Andrea Mazzocchi, an engineering student at Rochester Institute of Technology, was awarded the 2015 Undergraduate Extended Abstract Design and Research Award for her work as part of a campus research team on a new biomedical membrane that could become the basis for improvements in tissue engineering. She was presented the award during the Biomedical Engineering Society’s annual meeting and conference, Oct 7-10 in Tampa, Fla.

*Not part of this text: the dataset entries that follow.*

Theorem mainTheorem12 (m1 m2 n1 n2 k1 k2 : nat) (r1 r2 : R)
  (F1 F2 : vec -> vec) :
  (1 <= m1)%nat -> (1 <= m2)%nat ->
  0 < r1 -> 0 < r2 -> r1 ^ 2 + r2 ^ 2 = 1 ->
  harmonic_form (S m1) (S n1) k1 F1 ->
  harmonic_form (S m2) (S n2) k2 F2 ->
  (forall x, sqnorm (S n1) (F1 x) = r1 ^ 2 * (sqnorm (S m1) x) ^ k1) ->
  (forall y, sqnorm (S n2) (F2 y) = r2 ^ 2 * (sqnorm (S m2) y) ^ k2) ->
  (proper_biharmonic (n1 + n2 + 2) (S m1) (S m2) (prod_map n1 F1 F2) <->
   (r1 = / sqrt 2 /\ r2 = / sqrt 2 /\
    exists x y, on_sphere (S m1) x /\ on_sphere (S m2) y /\
      energy_density (S m1) (S n1) F1 x <> energy_density (S m2) (S n2) F2 y)).
Proof.
  intros _ _ Hr1 Hr2 Hr HF1 HF2 HF1norm HF2norm.
  rewrite (proper_biharmonic_prod_map_iff (S m1) (S m2) n1 n2 k1 k2 r1 r2 F1 F2
             HF1 HF2 HF1norm HF2norm Hr), (inv_sqrt2_iff r1 Hr1), (inv_sqrt2_iff r2 Hr2) by (lia || lra).
  unfold on_sphere.
  assert (He : forall x y, sqnorm (S m1) x = 1 -> sqnorm (S m2) y = 1 ->
             energy_density (S m1) (S n1) F1 x = / 2 * (sphere_eigenvalue (S m1) k1 * r1 ^ 2) /\
             energy_density (S m2) (S n2) F2 y = / 2 * (sphere_eigenvalue (S m2) k2 * r2 ^ 2)).
  { intros x y Hx Hy. split; apply energy_density_form; assumption. }
  split.
  - intros [Hlam Hr12]. assert (Hhalf : r1 ^ 2 = / 2) by lra.
    split; [exact Hhalf|]. split; [lra|].
    assert (Hx0 : sqnorm (S m1) (basis 0) = 1) by (apply sqnorm_basis; lia).
    assert (Hy0 : sqnorm (S m2) (basis 0) = 1) by (apply sqnorm_basis; lia).
    exists (basis 0), (basis 0). split; [exact Hx0|]. split; [exact Hy0|].
    destruct (He _ _ Hx0 Hy0) as [-> ->]. rewrite <- Hr12, Hhalf. intros E. apply Hlam. lra.
  - intros [H1 [H2 [x [y [Hx [Hy Hne]]]]]]. split; [|lra].
    intros E. apply Hne. destruct (He _ _ Hx Hy) as [-> ->]. now rewrite E, H1, H2.
Qed.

Mazzocchi was recognized with the society’s top student award for the abstract titled, “Fabrication and characterization of ultrathin transparent glass membranes for cell culture.”
“We were growing human umbilical vein endothelial cells, and this work was more to characterize the membranes to show if the cells behave differently on the new membranes compared to surfaces that cells are normally grown on,” said Mazzocchi, a fifth-year biomedical engineering student in RIT’s Kate Gleason College of Engineering. “A lot of our research has been on cell behavior. This was more focused on how does the membrane itself affect cells?”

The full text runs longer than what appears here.